Ursula Martinez’s performance pieces
about individual identity, roles and perceptions make great use of
intimacy. Sometimes this is visual intimacy as in her signature routine
Hanky Panky, a
magic/striptease act in which she keeps producing a silk handkerchief
from ever more private areas until, totally naked... exactly. A video
of this act is the fulcrum of her current piece. Before it, she spends
20 minutes or so reading out various anecdotes from her past. The
English half of Martinez’s blood is to the fore in her verbal
presentation: she has that cheery yet semi-apologetic air in common
with fellow performance artist Bobby Baker. Consequently, the material
she reads always feels light, and only a couple of seconds later do we
double-take that she is mixing humorous stories of her own childhood
with recollections of, say, her grandfather’s adultery or even her
father’s recent death.
The same affable tone runs through the second part, but there it is
much more problematic. After a video of
Hanky Panky appeared online,
Martinez began to receive fan emails, some of them being outright
sexual propositions or other fantasies. She now reads a selection of
these, accompanied by photographs of the senders (in one or two cases
thoroughly explicit). The lightness of the reading, together with a
selection of funny accents as if she were presenting a pervs’

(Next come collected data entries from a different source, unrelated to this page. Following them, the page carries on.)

(* Let $k\leq n-2$ and $m\geq1$, or let $k=n-1$ and $m\geq2$. If $G$ is minor maximal amongst graphs with $n$ vertices, at most $m$ parallel edges between any given pair of vertices, and spectator floor $k$, then $G$ is an $m$-saturated crowded $(n-k)$-parade.
   Context: All graphs are finite, have at least one vertex, have no loops, and may have multiple (parallel) edges. A minor of $H$ is any graph obtained from $H$ by a sequence of: deleting an isolated vertex, deleting an edge, contracting an edge that has no edge parallel to it. A graph $G$ in a class $\mathcal{C}$ is minor maximal in $\mathcal{C}$ if no graph in $\mathcal{C}$ other than $G$ has $G$ as a minor. A unique shortest path is a shortest $u$–$v$ path $P$ such that every $u$–$v$ path with the same number of vertices is identical to $P$, where two paths with different edge sequences are different even if their vertex sequences agree; a single vertex is a unique shortest path. The parade number $\mathrm{usp}(G)$ is the largest number of vertices of a unique shortest path in $G$; a parade is a unique shortest path with $\mathrm{usp}(G)$ vertices. The spectator number is $\mathrm{sp}(G)=|V(G)|-\mathrm{usp}(G)$. The spectator floor $\lfloor \mathrm{sp}\rfloor(G)$ is the minimum of $\mathrm{sp}(H)$ over all graphs $H$ of which $G$ is a minor. For $p\geq2$, a crowded $p$-parade is a graph $G$ with a parade $P$ of $p$ vertices such that (i) every vertex outside $P$ is adjacent to exactly two vertices of $P$, and those two vertices are adjacent to each other; (ii) any two vertices outside $P$ that are adjacent to a common vertex of $P$ are adjacent to each other. An $m$-saturated crowded $p$-parade ($p\geq 2$) is a crowded $p$-parade in which every edge not in the parade has exactly $m$ parallel copies (including itself). A crowded $1$-parade is a graph whose simplification is complete; an $m$-saturated crowded $1$-parade is a graph in which every pair of vertices is joined by exactly $m$ edges. *)

From mathcomp Require Import all_boot.
From mathcomp Require Import boolp.

Set Implicit Arguments.
Unset Strict Implicit.
Unset Printing Implicit Defensive.

(* A finite loopless multigraph with at least one vertex, given up to
   isomorphism by its vertex set 'I_nv and the number of (parallel) edges
   between each pair of vertices.  The edges between a and b are the
   labelled edges (a,b,l) with l < mul a b  (labels are symmetric). *)
Record mgraph := MGraph {
  nv : nat;
  mul : 'I_nv -> 'I_nv -> nat;
  mul_sym : forall a b, mul a b = mul b a;
  mul_irr : forall a, mul a a = 0;
  nv_gt0 : 0 < nv }.

Definition adj (G : mgraph) (a b : 'I_(nv G)) : bool := 0 < mul a b.

Definition steps (G : mgraph) (vs : seq 'I_(nv G)) (ls : seq nat) :=
  zip (zip vs (behead vs)) ls.

Definition is_path (G : mgraph) (vs : seq 'I_(nv G)) (ls : seq nat) : Prop :=
  [/\ vs != [::], uniq vs, size ls = (size vs).-1 &
      all (fun t => t.2 < mul t.1.1 t.1.2) (steps vs ls)].

Definition same_ends (G : mgraph) (vs vs' : seq 'I_(nv G)) : Prop :=
  ohead vs' = ohead vs /\ ohead (rev vs') = ohead (rev vs).

Definition is_usp (G : mgraph) (vs : seq 'I_(nv G)) (ls : seq nat) : Prop :=
  is_path vs ls /\
  forall vs' ls', is_path vs' ls' -> same_ends vs vs' ->
    size vs <= size vs' /\ (size vs' = size vs -> vs' = vs /\ ls' = ls).

Definition usp (G : mgraph) : nat :=
  \max_(p < (nv G).+1 | `[< exists vs ls, @is_usp G vs ls /\ size vs = p >]) p.

Definition is_parade (G : mgraph) (vs : seq 'I_(nv G)) (ls : seq nat) : Prop :=
  is_usp vs ls /\ size vs = usp G.

Definition sp (G : mgraph) : nat := nv G - usp G.

Definition iso (H G : mgraph) : Prop :=
  exists f : 'I_(nv H) -> 'I_(nv G),
    bijective f /\ forall u w, mul (f u) (f w) = mul u w.

Definition del_edge (H G : mgraph) : Prop :=
  exists f : 'I_(nv H) -> 'I_(nv G), bijective f /\
  exists a b, 0 < mul a b /\
    forall u w, mul (f u) (f w) =
      mul u w - (((u == a) && (w == b)) || ((u == b) && (w == a))).

Definition del_isolated (H G : mgraph) : Prop :=
  exists x : 'I_(nv H), (forall y, mul x y = 0) /\
  exists f : 'I_(nv H) -> 'I_(nv G),
    (forall u w, u != x -> w != x -> f u = f w -> u = w) /\
    (forall y, exists2 u, u != x & f u = y) /\
    (forall u w, u != x -> w != x -> mul (f u) (f w) = mul u w).

Definition contract (H G : mgraph) : Prop :=
  exists a b : 'I_(nv H), mul a b = 1 /\
  exists f : 'I_(nv H) -> 'I_(nv G),
    (forall y, exists u, f u = y) /\ f a = f b /\
    (forall u w, f u = f w -> [\/ u = w, u = a /\ w = b | u = b /\ w = a]) /\
    (forall x y, x != y ->
       mul x y = \sum_(u | f u == x) \sum_(w | f w == y) mul u w).

Definition minor_step (H G : mgraph) : Prop :=
  [\/ iso H G, del_edge H G, del_isolated H G | contract H G].

(* is_minor G H : G is a minor of H *)
Inductive is_minor (G : mgraph) : mgraph -> Prop :=
| minor_refl : is_minor G G
| minor_cons H H' : minor_step H H' -> is_minor G H' -> is_minor G H.

Lemma spfloor_ex (G : mgraph) :
  exists s, (fun s => `[< exists H, is_minor G H /\ sp H = s >]) s.
Proof. exists (sp G); apply/asboolP; exists G; split=> //; exact: minor_refl. Qed.

Definition spfloor (G : mgraph) : nat := ex_minn (spfloor_ex G).

Definition minor_maximal (C : mgraph -> Prop) (G : mgraph) : Prop :=
  C G /\ forall H, C H -> is_minor G H -> iso H G.

Definition in_parade (G : mgraph) (vs : seq 'I_(nv G)) (ls : seq nat)
  (a b : 'I_(nv G)) (l : nat) : bool :=
  (((a, b), l) \in steps vs ls) || (((b, a), l) \in steps vs ls).

Definition sat_crowded_parade (G : mgraph) (m p : nat) : Prop :=
  (p = 1 /\ forall a b : 'I_(nv G), a != b -> mul a b = m) \/
  (2 <= p /\ exists (vs : seq 'I_(nv G)) ls, [/\ is_parade vs ls, size vs = p,
     (forall v, v \notin vs ->
        #|[set x | (x \in vs) && adj v x]| = 2 /\
        forall x y, x \in vs -> y \in vs -> adj v x -> adj v y -> x != y ->
          adj x y),
     (forall u v x, u \notin vs -> v \notin vs -> u != v -> x \in vs ->
        adj u x -> adj v x -> adj u v) &
     (forall a b l, l < mul a b -> ~~ in_parade vs ls a b l -> mul a b = m)]).

Definition the_class (n m k : nat) (G : mgraph) : Prop :=
  [/\ nv G = n, (forall a b : 'I_(nv G), mul a b <= m) & spfloor G = k].

(* A leveling of a multigraph assigns levels 0 .. 2p-2 to its vertices so that adjacent
   vertices are at most two levels apart, each even level 2i is carried by exactly one vertex
   (the i-th parade vertex), and two parade vertices share at most one edge.  If H realises the
   spectator floor k of G, a parade of H with p = |H| - k vertices yields a leveling of H: the
   i-th parade vertex gets level 2i, any other vertex at walk distance d from the start of the
   parade gets 2d - 1.  The bound |X| <= p + k survives every minor operation as long as k + 2
   vertices remain, since a deleted or contracted vertex costs at most one parade level, which
   is collapsed onto the neighbouring odd levels.  Hence G has a leveling with p = n - k levels.
   Putting one edge between consecutive parade vertices and m edges between any other two
   vertices at most two levels apart gives an m-saturated crowded p-parade containing G with
   spectator floor k, which by maximality is G.  For k = n - 1 the complete m-multigraph plays
   the same role. *)

From mathcomp Require Import all_boot boolp zify.

Set Implicit Arguments.
Unset Strict Implicit.
Unset Printing Implicit Defensive.

Lemma is_minor_trans A B C : is_minor A B -> is_minor B C -> is_minor A C.
Proof. by move=> hAB; elim=> // H H' st _ /(minor_cons st). Qed.

Lemma card_le_surj (T T' : finType) (f : T -> T') :
  (forall y, exists u, f u = y) -> #|T'| <= #|T|.
Proof.
move=> fsurj; apply: leq_trans (leq_image_card f T).
by apply/subset_leq_card/subsetP => y _; case: (fsurj y) => u <-; apply: image_f.
Qed.

Lemma card_lt_inj_miss (T T' : finType) (h : T -> T') (o : T') :
  injective h -> (forall y, h y != o) -> #|T| < #|T'|.
Proof.
move=> hinj hmiss; rewrite -(card_image hinj).
have : #|[set~ o]| < #|T'| by rewrite cardsC1 prednK //; apply/card_gt0P; exists o.
apply: leq_ltn_trans; apply/subset_leq_card/subsetP => _ /imageP[y _ ->].
by rewrite !inE hmiss.
Qed.

Lemma minor_step_nv H H' : minor_step H H' -> nv H' <= nv H.
Proof.
rewrite -[nv H]card_ord -[nv H']card_ord.
case=> [[f [fb _]] | [f [fb _]] | [x [_ [f [_ [fsurj _]]]]] | [a [b [_ [f [fsurj _]]]]]].
- by rewrite (bij_eq_card fb).
- by rewrite (bij_eq_card fb).
- by apply: (card_le_surj (f := f)) => y; case: (fsurj y) => u _ <-; exists u.
- exact: card_le_surj fsurj.
Qed.

Lemma is_minor_nv G H : is_minor G H -> nv G <= nv H.
Proof. by elim=> // H1 H2 /minor_step_nv st _ /leq_trans; apply. Qed.

Lemma spfloor_le_sp G H : is_minor G H -> spfloor G <= sp H.
Proof. by move=> hGH; rewrite /spfloor; case: ex_minnP => s _; apply; apply/asboolP; exists H. Qed.

Lemma spfloor_witness G : exists2 H, is_minor G H & sp H = spfloor G.
Proof. by rewrite /spfloor; case: ex_minnP => s /asboolP[H []]; exists H. Qed.

Lemma spfloor_minor G G' : is_minor G G' -> spfloor G <= spfloor G'.
Proof.
move=> hGG'; have [H hG'H <-] := spfloor_witness G'.
exact/spfloor_le_sp/(is_minor_trans hGG').
Qed.

Lemma usp_le_nv G : usp G <= nv G.
Proof. by apply/bigmax_leqP => i _; rewrite -ltnS. Qed.

Lemma path_size_le G vs ls : @is_path G vs ls -> size vs <= nv G.
Proof.
case=> _ vs_uniq _ _; apply: leq_trans (_ : size (enum 'I_(nv G)) <= _).
  by apply: uniq_leq_size => // x _; rewrite mem_enum.
by rewrite size_enum_ord.
Qed.

Lemma all_stepsP G (vs : seq 'I_(nv G)) ls x : size ls = (size vs).-1 ->
  reflect (forall j, j < size ls -> nth 0 ls j < mul (nth x vs j) (nth x vs j.+1))
          (all (fun t => t.2 < mul t.1.1 t.1.2) (steps vs ls)).
Proof.
move=> hs; have hsz : size (steps vs ls) = size ls by rewrite /steps !size_zip size_behead hs; lia.
have nth_steps j : j < size ls ->
    nth (x, x, 0) (steps vs ls) j = (nth x vs j, nth x vs j.+1, nth 0 ls j).
  move=> hj; rewrite /steps nth_zip_cond !size_zip size_behead hs ifT /=; last lia.
  by rewrite nth_zip_cond size_zip size_behead ifT /= ?nth_behead //; lia.
apply: (iffP (all_nthP (x, x, 0))) => h j hj; first by have := h j; rewrite hsz nth_steps //; apply.
by rewrite nth_steps -?hsz //; apply: h; rewrite -hsz.
Qed.

Lemma usp_ge_size G vs ls : @is_usp G vs ls -> size vs <= usp G.
Proof.
move=> husp; have hlt : size vs < (nv G).+1 by rewrite ltnS (path_size_le husp.1).
by apply: (leq_bigmax_cond (Ordinal hlt)); apply/asboolP; exists vs, ls.
Qed.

Points Of View, keep the audience
laughing. I, however, was writhing. Martinez’s programme note complains
that these mails “stripp[ed] me of my ordinariness as a human being”,
but she either does not realise or does not care that she is doing
precisely the same to them, and moreover doing so in public. Her own
intimacies are hers to peddle; other people’s, even if sent to her
unsolicited, are not. That reading manner implicitly directs us to a
response of derision of these men. (All the senders she presents are
men. I suppose it is possible that Martinez has never received such a
dubious email from a woman, though given her own sexuality and the
constituency of much of her performance work I find it unlikely.)
Perhaps either the senders have subsequently consented or the material
is fabricated, but in that case the presentation is bogus. With
intimacy comes great power and, as the amazing Spiderman notes, with
great power comes great responsibility.
Written for the Financial
Times.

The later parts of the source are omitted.